Assigned task
Only one stretch of the data below is wanted: the lines from the one with "apply (incr_on_segment _" through the one with "Variables (f df", repeated exactly.

START Extracted information

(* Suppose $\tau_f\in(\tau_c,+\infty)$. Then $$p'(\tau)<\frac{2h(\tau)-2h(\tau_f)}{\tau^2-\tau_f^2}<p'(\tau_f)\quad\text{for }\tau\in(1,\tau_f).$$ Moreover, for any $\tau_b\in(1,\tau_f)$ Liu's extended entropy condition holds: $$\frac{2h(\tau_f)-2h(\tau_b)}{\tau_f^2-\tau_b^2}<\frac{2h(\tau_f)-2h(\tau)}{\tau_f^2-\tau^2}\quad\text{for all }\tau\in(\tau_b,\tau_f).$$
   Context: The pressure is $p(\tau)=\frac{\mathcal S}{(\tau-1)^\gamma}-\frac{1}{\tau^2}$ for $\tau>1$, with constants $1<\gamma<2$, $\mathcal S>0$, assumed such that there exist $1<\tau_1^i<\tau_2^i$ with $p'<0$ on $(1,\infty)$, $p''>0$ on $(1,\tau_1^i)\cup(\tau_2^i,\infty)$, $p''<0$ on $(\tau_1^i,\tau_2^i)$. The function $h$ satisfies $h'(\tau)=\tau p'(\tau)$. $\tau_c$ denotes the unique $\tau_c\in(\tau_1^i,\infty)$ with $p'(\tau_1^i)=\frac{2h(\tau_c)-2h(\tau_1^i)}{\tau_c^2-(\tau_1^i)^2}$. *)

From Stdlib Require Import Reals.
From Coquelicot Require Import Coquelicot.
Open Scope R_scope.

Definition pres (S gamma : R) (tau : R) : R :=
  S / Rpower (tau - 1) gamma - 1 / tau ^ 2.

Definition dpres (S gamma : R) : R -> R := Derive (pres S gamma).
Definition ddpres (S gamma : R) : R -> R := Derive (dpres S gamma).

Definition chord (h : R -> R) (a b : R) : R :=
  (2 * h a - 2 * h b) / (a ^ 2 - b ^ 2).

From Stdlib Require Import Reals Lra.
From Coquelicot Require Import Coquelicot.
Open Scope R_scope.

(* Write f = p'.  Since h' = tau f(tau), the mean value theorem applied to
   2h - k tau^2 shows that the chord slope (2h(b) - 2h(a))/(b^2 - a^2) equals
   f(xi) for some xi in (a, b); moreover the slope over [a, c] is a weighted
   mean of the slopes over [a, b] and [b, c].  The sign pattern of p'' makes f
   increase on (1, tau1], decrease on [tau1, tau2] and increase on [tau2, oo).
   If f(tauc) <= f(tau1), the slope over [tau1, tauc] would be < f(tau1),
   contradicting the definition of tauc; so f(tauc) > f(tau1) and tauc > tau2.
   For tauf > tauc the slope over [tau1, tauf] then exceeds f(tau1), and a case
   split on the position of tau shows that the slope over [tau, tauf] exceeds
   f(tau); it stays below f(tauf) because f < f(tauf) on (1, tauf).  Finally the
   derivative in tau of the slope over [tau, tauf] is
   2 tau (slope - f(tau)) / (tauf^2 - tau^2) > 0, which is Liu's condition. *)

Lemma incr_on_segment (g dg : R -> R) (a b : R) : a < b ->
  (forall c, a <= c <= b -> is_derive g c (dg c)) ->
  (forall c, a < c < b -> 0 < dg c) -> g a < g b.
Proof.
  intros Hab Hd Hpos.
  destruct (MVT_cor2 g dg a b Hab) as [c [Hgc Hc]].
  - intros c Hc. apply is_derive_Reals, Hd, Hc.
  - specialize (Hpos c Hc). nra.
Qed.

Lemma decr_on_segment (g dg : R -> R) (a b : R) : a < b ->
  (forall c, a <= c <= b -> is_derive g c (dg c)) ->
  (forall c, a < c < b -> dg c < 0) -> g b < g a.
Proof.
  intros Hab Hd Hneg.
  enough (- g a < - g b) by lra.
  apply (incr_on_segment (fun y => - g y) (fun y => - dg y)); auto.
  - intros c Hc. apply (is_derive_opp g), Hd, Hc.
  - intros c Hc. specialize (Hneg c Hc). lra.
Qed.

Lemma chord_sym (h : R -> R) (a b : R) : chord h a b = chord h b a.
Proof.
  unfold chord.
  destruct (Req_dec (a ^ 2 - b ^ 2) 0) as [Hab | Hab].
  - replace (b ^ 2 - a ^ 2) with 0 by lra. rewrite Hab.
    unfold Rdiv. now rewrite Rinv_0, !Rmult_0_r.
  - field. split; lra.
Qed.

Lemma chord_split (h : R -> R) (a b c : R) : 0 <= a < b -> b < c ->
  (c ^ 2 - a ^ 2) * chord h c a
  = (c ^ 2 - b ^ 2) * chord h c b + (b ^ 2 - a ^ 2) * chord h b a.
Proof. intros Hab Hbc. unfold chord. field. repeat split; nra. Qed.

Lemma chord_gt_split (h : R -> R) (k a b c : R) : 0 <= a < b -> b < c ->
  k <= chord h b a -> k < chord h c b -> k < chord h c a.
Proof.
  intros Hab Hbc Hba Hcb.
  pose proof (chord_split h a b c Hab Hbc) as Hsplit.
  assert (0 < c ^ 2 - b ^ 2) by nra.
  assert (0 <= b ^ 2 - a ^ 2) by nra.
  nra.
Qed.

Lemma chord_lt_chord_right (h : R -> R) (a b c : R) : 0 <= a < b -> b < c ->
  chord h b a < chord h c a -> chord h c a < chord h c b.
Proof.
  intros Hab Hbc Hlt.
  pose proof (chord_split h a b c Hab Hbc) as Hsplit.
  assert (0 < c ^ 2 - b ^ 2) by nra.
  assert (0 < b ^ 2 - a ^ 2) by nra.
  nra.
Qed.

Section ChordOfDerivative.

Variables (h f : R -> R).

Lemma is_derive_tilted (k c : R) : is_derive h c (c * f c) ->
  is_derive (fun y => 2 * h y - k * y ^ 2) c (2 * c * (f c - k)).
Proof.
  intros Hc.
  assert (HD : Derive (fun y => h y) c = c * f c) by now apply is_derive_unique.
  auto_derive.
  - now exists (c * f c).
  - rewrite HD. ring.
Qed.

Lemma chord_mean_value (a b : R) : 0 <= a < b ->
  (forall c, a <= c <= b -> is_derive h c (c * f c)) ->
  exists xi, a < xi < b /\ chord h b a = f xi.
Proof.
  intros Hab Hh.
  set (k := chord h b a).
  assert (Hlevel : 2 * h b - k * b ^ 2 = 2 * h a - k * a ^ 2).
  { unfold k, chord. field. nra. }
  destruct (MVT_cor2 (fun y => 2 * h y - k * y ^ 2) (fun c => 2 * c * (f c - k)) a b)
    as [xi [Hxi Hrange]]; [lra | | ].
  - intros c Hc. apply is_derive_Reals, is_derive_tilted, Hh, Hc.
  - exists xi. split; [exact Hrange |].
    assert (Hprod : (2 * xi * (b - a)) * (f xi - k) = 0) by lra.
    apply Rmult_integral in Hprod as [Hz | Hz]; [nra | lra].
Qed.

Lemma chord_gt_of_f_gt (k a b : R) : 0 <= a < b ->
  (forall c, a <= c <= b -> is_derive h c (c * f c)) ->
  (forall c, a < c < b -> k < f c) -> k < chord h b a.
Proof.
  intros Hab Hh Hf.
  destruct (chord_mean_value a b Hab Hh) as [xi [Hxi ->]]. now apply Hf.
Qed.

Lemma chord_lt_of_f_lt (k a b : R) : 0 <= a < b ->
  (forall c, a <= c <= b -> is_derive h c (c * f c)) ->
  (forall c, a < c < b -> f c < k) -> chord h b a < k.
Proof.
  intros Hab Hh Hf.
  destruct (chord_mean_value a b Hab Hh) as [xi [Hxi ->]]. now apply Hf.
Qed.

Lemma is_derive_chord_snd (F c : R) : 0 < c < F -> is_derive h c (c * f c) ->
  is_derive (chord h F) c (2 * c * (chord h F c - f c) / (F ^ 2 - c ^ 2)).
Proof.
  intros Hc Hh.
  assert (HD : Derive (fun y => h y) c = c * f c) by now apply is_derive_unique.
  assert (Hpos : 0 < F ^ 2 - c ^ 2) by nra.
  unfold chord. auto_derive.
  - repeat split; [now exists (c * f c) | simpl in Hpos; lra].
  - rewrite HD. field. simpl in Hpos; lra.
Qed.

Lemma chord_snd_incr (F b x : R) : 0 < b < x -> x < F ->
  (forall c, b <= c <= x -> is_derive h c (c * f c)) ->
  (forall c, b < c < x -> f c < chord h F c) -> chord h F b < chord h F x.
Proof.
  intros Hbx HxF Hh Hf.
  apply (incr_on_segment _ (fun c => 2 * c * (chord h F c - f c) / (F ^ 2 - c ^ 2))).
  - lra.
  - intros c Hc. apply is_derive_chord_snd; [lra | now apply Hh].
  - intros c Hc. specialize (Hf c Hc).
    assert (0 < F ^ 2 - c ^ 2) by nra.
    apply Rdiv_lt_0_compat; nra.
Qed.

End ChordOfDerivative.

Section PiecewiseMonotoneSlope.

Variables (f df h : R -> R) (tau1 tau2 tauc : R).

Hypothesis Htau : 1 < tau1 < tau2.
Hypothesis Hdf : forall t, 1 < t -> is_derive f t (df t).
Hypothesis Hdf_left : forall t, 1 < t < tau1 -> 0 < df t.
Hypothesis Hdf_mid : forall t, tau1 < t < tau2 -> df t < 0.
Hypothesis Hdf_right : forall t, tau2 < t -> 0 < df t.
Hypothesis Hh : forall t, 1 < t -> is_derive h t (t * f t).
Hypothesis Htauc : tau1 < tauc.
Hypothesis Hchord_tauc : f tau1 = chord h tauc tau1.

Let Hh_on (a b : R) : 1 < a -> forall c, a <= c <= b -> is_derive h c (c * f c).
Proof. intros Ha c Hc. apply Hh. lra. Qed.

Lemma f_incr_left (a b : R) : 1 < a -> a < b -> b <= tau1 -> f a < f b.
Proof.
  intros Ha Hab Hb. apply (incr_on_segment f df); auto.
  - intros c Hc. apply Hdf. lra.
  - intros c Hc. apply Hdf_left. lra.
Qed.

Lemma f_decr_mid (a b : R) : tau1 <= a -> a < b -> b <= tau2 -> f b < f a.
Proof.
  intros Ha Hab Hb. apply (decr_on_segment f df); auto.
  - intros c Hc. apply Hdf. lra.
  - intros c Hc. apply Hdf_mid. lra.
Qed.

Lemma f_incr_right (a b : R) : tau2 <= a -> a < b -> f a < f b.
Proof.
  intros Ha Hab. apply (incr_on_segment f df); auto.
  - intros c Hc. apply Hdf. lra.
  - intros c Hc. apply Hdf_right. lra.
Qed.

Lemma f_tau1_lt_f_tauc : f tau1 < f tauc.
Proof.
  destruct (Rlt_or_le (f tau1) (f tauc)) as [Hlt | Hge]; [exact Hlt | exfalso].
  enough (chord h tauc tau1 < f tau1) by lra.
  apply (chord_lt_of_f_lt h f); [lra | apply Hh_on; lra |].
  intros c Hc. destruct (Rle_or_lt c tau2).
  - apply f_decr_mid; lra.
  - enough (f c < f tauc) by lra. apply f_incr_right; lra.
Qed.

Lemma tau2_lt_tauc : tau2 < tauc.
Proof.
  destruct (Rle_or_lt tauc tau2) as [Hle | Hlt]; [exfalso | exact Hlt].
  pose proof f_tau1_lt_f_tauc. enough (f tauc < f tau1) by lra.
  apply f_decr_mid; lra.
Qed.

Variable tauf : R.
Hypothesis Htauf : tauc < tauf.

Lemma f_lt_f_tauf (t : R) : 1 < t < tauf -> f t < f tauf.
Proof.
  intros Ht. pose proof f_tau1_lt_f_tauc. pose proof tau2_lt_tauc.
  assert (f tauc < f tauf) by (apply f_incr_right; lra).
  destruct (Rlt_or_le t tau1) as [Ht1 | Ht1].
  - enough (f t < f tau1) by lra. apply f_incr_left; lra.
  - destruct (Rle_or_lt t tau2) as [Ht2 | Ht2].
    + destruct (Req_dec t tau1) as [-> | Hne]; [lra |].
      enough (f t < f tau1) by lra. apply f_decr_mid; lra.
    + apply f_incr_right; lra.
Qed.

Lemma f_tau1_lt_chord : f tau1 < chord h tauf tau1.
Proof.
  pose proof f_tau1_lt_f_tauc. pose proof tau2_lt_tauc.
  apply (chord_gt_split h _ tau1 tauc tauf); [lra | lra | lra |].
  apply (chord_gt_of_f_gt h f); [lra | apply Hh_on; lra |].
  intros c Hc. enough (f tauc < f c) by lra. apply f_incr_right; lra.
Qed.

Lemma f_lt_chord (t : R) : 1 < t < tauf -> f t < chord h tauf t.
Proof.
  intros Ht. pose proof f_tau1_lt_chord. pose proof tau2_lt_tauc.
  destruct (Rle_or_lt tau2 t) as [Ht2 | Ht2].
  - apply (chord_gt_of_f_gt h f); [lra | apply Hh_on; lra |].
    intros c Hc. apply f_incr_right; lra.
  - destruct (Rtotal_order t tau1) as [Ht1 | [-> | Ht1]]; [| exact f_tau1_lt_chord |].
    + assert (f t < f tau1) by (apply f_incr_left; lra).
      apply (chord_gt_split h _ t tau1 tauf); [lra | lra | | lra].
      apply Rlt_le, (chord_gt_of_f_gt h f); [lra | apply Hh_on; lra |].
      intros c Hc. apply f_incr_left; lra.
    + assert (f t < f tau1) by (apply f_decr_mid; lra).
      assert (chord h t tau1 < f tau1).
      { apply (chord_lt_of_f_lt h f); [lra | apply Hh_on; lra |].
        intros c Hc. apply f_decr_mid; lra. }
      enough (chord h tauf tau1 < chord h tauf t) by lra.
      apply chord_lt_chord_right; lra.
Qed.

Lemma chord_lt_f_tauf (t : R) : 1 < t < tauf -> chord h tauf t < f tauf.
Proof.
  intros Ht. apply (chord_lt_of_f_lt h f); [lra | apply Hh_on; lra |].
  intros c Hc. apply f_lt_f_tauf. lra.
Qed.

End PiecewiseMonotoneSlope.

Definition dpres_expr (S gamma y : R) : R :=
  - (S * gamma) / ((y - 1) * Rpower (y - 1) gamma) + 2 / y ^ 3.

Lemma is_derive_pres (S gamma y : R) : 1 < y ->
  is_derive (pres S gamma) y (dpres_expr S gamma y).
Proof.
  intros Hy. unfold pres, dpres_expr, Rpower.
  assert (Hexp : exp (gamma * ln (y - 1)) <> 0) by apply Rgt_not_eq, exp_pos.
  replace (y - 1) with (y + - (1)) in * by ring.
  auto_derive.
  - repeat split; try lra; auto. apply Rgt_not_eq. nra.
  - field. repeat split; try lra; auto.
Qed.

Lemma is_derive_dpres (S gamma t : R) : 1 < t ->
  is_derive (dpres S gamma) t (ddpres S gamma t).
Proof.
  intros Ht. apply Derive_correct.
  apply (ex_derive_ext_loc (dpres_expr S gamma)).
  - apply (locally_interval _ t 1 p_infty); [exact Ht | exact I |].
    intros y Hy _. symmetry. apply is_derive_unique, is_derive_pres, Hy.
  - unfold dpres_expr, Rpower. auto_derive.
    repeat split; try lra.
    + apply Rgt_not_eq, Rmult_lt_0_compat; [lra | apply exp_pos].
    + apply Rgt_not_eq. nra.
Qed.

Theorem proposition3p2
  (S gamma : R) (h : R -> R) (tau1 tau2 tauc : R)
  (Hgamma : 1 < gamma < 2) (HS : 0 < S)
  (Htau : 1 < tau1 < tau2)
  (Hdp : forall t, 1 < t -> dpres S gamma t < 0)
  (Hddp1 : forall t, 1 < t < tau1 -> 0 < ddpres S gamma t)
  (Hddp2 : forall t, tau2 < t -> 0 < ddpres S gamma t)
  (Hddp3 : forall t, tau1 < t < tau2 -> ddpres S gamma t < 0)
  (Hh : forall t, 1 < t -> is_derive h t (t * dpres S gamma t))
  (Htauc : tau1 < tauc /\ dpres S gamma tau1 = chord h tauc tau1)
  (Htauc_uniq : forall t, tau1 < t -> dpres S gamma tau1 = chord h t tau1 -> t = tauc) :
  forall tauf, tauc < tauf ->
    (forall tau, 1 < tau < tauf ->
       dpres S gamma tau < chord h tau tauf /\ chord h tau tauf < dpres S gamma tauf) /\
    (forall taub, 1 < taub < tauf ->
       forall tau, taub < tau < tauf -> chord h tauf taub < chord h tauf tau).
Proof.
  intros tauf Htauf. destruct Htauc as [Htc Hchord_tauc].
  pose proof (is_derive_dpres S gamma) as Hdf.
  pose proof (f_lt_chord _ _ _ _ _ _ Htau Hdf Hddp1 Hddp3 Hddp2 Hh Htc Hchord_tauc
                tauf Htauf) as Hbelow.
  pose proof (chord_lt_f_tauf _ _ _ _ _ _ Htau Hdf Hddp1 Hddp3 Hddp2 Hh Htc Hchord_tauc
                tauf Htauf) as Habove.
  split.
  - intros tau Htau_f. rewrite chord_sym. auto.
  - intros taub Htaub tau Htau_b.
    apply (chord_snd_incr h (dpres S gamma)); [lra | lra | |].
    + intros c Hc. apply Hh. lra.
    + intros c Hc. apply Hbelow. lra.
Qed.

END Extracted information

Problem solution
  apply (incr_on_segment _ (fun c => 2 * c * (chord h F c - f c) / (F ^ 2 - c ^ 2))).
  - lra.
  - intros c Hc. apply is_derive_chord_snd; [lra | now apply Hh].
  - intros c Hc. specialize (Hf c Hc).
    assert (0 < F ^ 2 - c ^ 2) by nra.
    apply Rdiv_lt_0_compat; nra.
Qed.

End ChordOfDerivative.

Section PiecewiseMonotoneSlope.

Variables (f df h : R -> R) (tau1 tau2 tauc : R).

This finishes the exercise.